ENTRIES PROVIDED: Begin

Lemma gmeasurable_in_selected r i : (1 <= r <= t)%N -> gmeasurable (fun x => (i \in Ssel r x)%:R).
Proof.
move=> hr.
apply: (eq_gmeasurable (f := fun x => \sum_(B : {set 'I_n}) (Ssel r x == B)%:R * (i \in B)%:R)).
  move=> x; rewrite (bigD1 (Ssel r x)) //= eqxx mul1r big1 ?addr0 // => B.
  by rewrite eq_sym => /negbTE ->; rewrite mul0r.
apply: gmeasurable_sum => B _ _; apply: gmeasurableM; last exact: gmeasurable_cst.
apply: gmeasurable_indic.
have -> : [set x | Ssel r x == B] = [set x | Ssel r x = B].
  by apply/seteqP; split => x /= /eqP.
exact: sigma_selected.
Qed.

Lemma gmeasurable_hcheck_at r c i k : (1 <= r <= t.+1)%N ->
  gmeasurable (fun x => hcheck_at r c i x 0 k).
Proof.
move=> hr; rewrite /hcheck_at; case: (0 < c)%N.
  apply: (eq_gmeasurable (f := fun x =>
    (alpha_at r c i)^-1 * \sum_(q <- index_iota 1 c.+1) htil r i q x 0 k)).
    by move=> x; rewrite !mxE summxE.
  apply: gmeasurableM; first exact: gmeasurable_cst.
  apply: gmeasurable_sum => q; rewrite mem_index_iota => /andP[q1 _] _; exact: gmeasurable_htil.
by apply: (eq_gmeasurable (f := fun _ => 0)); [move=> x; rewrite mxE | exact: gmeasurable_cst].
Qed.

Lemma gmeasurable_hcheck r i k : (1 <= r <= t)%N ->
  gmeasurable (fun x => hcheck P K E htil stoch r i x 0 k).
Proof.
move=> hr.
apply: (eq_gmeasurable (f := fun x =>
  \sum_(c < K.+1) (minn (E r i x) K == c)%:R * hcheck_at r c i x 0 k)).
  move=> x; rewrite hcheck_clipped.
  rewrite -(sum_ord_select (fun c => hcheck_at r c i x 0 k)) //.
  by rewrite ltnS geq_minr.
apply: gmeasurable_sum => c _ _; apply: gmeasurableM.
  by apply: gmeasurable_indic; apply: sigma_minn_eq => m; exact: sigma_counts.
by apply: gmeasurable_hcheck_at; case/andP: hr => -> /= /leqW.
Qed.

Lemma gmeasurable_state r : (r <= t)%N -> gmeasurable_config update_events (st r).
Proof.
elim: r => [_|r IH hr]; first by split => *; exact: gmeasurable_cst.
apply: gmeasurable_favano_step => [|i|i k]; first exact: IH (ltnW hr).
  by apply: gmeasurable_in_selected; rewrite hr.
by apply: gmeasurable_hcheck; rewrite hr.
Qed.

Hypothesis htil_measurable :
  forall r i q (k : 'I_d), measurable_fun setT (fun x => htil r i q x 0 k).
Hypothesis counts_measurable : forall r i m, measurable [set x | E r i x = m].
Hypothesis selected_measurable : forall r (B : {set 'I_n}), measurable [set x | Ssel r x = B].

Lemma update_events_measurable : update_events `<=` measurable.
Proof.
move=> A [[r [_ [[B ->]|[[i [m ->]]|[i [q [_ [k [U [mU ->]]]]]]]]]]|[i [q [_ [k [U [mU ->]]]]]]].
- exact: selected_measurable.
- exact: counts_measurable.
- by have := htil_measurable r i q k measurableT mU; rewrite setTI.
- by have := htil_measurable t.+1 i q k measurableT mU; rewrite setTI.
Qed.

End ProcessMeasurability.

Section OneRound.
Context (R : realType) (dT : measure_display) (T : measurableType dT)
  (P : probability T R) (n s K d : nat) (eta : R) (w0 : 'rV[R]_d)
  (Ssel : nat -> T -> {set 'I_n}) (E : nat -> 'I_n -> T -> nat)
  (htil : nat -> 'I_n -> nat -> T -> 'rV[R]_d) (stoch : bool).
Hypothesis K_gt0 : (1 <= K)%N.
Hypothesis s_range : (1 <= s <= n)%N.
Hypothesis htil_measurable :
  forall r i q (k : 'I_d), measurable_fun setT (fun x => htil r i q x 0 k).
Hypothesis counts_measurable : forall r i m, measurable [set x | E r i x = m].
Hypothesis selected_measurable : forall r (B : {set 'I_n}), measurable [set x | Ssel r x = B].
Variable t : nat.

Local Notation st := (favano_state P s K eta w0 Ssel E htil stoch).
Local Notation hcheck := (hcheck P K E htil stoch).
Local Notation hcheck_at := (hcheck_at P K E htil stoch).
Local Notation update_events := (update_events Ssel E htil t).
Local Notation gmeasurable := (@gmeasurable R dT T update_events).

Definition selection_events : set (set T) :=
  subset_events (Ssel t.+1) `|` [set A | exists i, nat_events (E t.+1 i) A].

Definition clipped_counts (x : T) : {ffun 'I_n -> 'I_K.+1} :=
  [ffun i => inord (minn (E t.+1 i x) K)].

Definition Phi_after (B : {set 'I_n}) (c : {ffun 'I_n -> 'I_K.+1}) (x : T) : R :=
  Phi_of (favano_step s eta (st t x) B (fun i => hcheck_at t.+1 (c i) i x)).

Definition contraction_bound (c : {ffun 'I_n -> 'I_K.+1}) (x : T) : R :=
  (1 - favano_kappa R n s) * Phi_of (st t x)
  + 3 * (s%:R ^+ 2 / n%:R) * eta ^+ 2 * \sum_i sqnorm (hcheck_at t.+1 (c i) i x).
(* Let $v$ be a typical weight and let $X$ be an initial space such that for every $f\in X$ and $0\le r<1$ the function $f_r(z)=f(rz)$ belongs to $X$, and $\sup_{0\le r<1}\|f_r\|_X\le C\|f\|_X$ for a constant $C$ independent of $f$. Let $T$ be an intrinsic operator on $\mathcal{H}(\mathbb{D})$ such that $Tf_r\in H_{v,0}$ for all $f\in X$ and all $0\le r<1$. If $T:X\to H_v$ is weakly compact, then $T:X\to H_{v,0}$ is bounded.
   Context: $\mathcal{H}(\mathbb{D})$ is the space of holomorphic functions on the unit disk $\mathbb{D}$ with the topology $\tau_{uc}$ of uniform convergence on compact subsets. A linear operator $T$ on $\mathcal{H}(\mathbb{D})$ is intrinsic if it maps $\tau_{uc}$-convergent sequences to $\tau_{uc}$-convergent sequences. An initial space is a Banach space $X\subset\mathcal{H}(\mathbb{D})$ containing the polynomials such that every sequence in the closed unit ball of $X$ has a subsequence converging in $\tau_{uc}$ to some function in $X$. A typical weight is a continuous radial $v:\mathbb{D}\to(0,1]$, non-increasing in $|z|$, with $v(z)\to0$ as $|z|\to1$. $H_v=\{f\in\mathcal{H}(\mathbb{D}):\sup_z v(z)|f(z)|<\infty\}$ with that supremum as norm, and $H_{v,0}=\{f:\lim_{|z|\to1}v(z)|f(z)|=0\}$. *)

From Stdlib Require Import Reals Lra List.
From Coquelicot Require Import Coquelicot.
Open Scope R_scope.

Definition Dk : Type := {z : C | Cmod z < 1}.

(** Functions on the disk (candidates for elements of H(D)). *)
Definition HD : Type := Dk -> C.

Definition fzero : HD := fun _ => RtoC 0.
Definition fadd (f g : HD) : HD := fun z => Cplus (f z) (g z).
Definition fscal (c : C) (f : HD) : HD := fun z => Cmult c (f z).
Definition fsub (f g : HD) : HD := fun z => Cminus (f z) (g z).

Definition holo (f : HD) : Prop :=
  forall z : Dk, exists l : C, forall eps, 0 < eps -> exists del, 0 < del /\
    forall w : Dk, 0 < Cmod (Cminus (proj1_sig w) (proj1_sig z)) < del ->
      Cmod (Cminus (Cdiv (Cminus (f w) (f z)) (Cminus (proj1_sig w) (proj1_sig z))) l) < eps.

Fixpoint cpoly (a : nat -> C) (n : nat) (z : C) : C :=
  match n with
  | O => a O
  | S m => Cplus (cpoly a m z) (Cmult (a n) (Cpow z n))
  end.
Definition poly_fun (a : nat -> C) (n : nat) : HD := fun z => cpoly a n (proj1_sig z).

(** Convergence in tau_uc (uniform convergence on compact subsets of D),
    expressed via the exhausting closed subdisks |z| <= r, r < 1. *)
Definition uc_conv (fs : nat -> HD) (g : HD) : Prop :=
  forall r, 0 <= r < 1 -> forall eps, 0 < eps -> exists N : nat,
    forall n, (N <= n)%nat -> forall z : Dk, Cmod (proj1_sig z) <= r ->
      Cmod (Cminus (fs n z) (g z)) < eps.

Definition linear_op_HD (T : HD -> HD) : Prop :=
  (forall f, holo f -> holo (T f)) /\
  (forall f g, holo f -> holo g -> T (fadd f g) = fadd (T f) (T g)) /\
  (forall c f, holo f -> T (fscal c f) = fscal c (T f)).

Definition intrinsic (T : HD -> HD) : Prop :=
  forall (fs : nat -> HD) (g : HD), (forall n, holo (fs n)) -> holo g ->
    uc_conv fs g -> exists h : HD, holo h /\ uc_conv (fun n => T (fs n)) h.

Definition banach_subspace (X : HD -> Prop) (N : HD -> R) : Prop :=
  (forall f, X f -> holo f) /\
  X fzero /\
  (forall f g, X f -> X g -> X (fadd f g)) /\
  (forall c f, X f -> X (fscal c f)) /\
  (forall f, X f -> 0 <= N f) /\
  (forall f, X f -> N f = 0 -> f = fzero) /\
  (forall c f, X f -> N (fscal c f) = Cmod c * N f) /\
  (forall f g, X f -> X g -> N (fadd f g) <= N f + N g) /\
  (forall fs : nat -> HD, (forall n, X (fs n)) ->
     (forall eps, 0 < eps -> exists M : nat, forall m n, (M <= m)%nat -> (M <= n)%nat ->
        N (fsub (fs m) (fs n)) < eps) ->
     exists g, X g /\ forall eps, 0 < eps -> exists M : nat, forall n, (M <= n)%nat ->
        N (fsub (fs n) g) < eps).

ENTRIES PROVIDED: End

[DESCRIPTION OF THE TASK]
Go through the material above and report each line containing "setTI".

[PROBLEM SOLUTION]
- by have := htil_measurable r i q k measurableT mU; rewrite setTI.
- by have := htil_measurable t.+1 i q k measurableT mU; rewrite setTI.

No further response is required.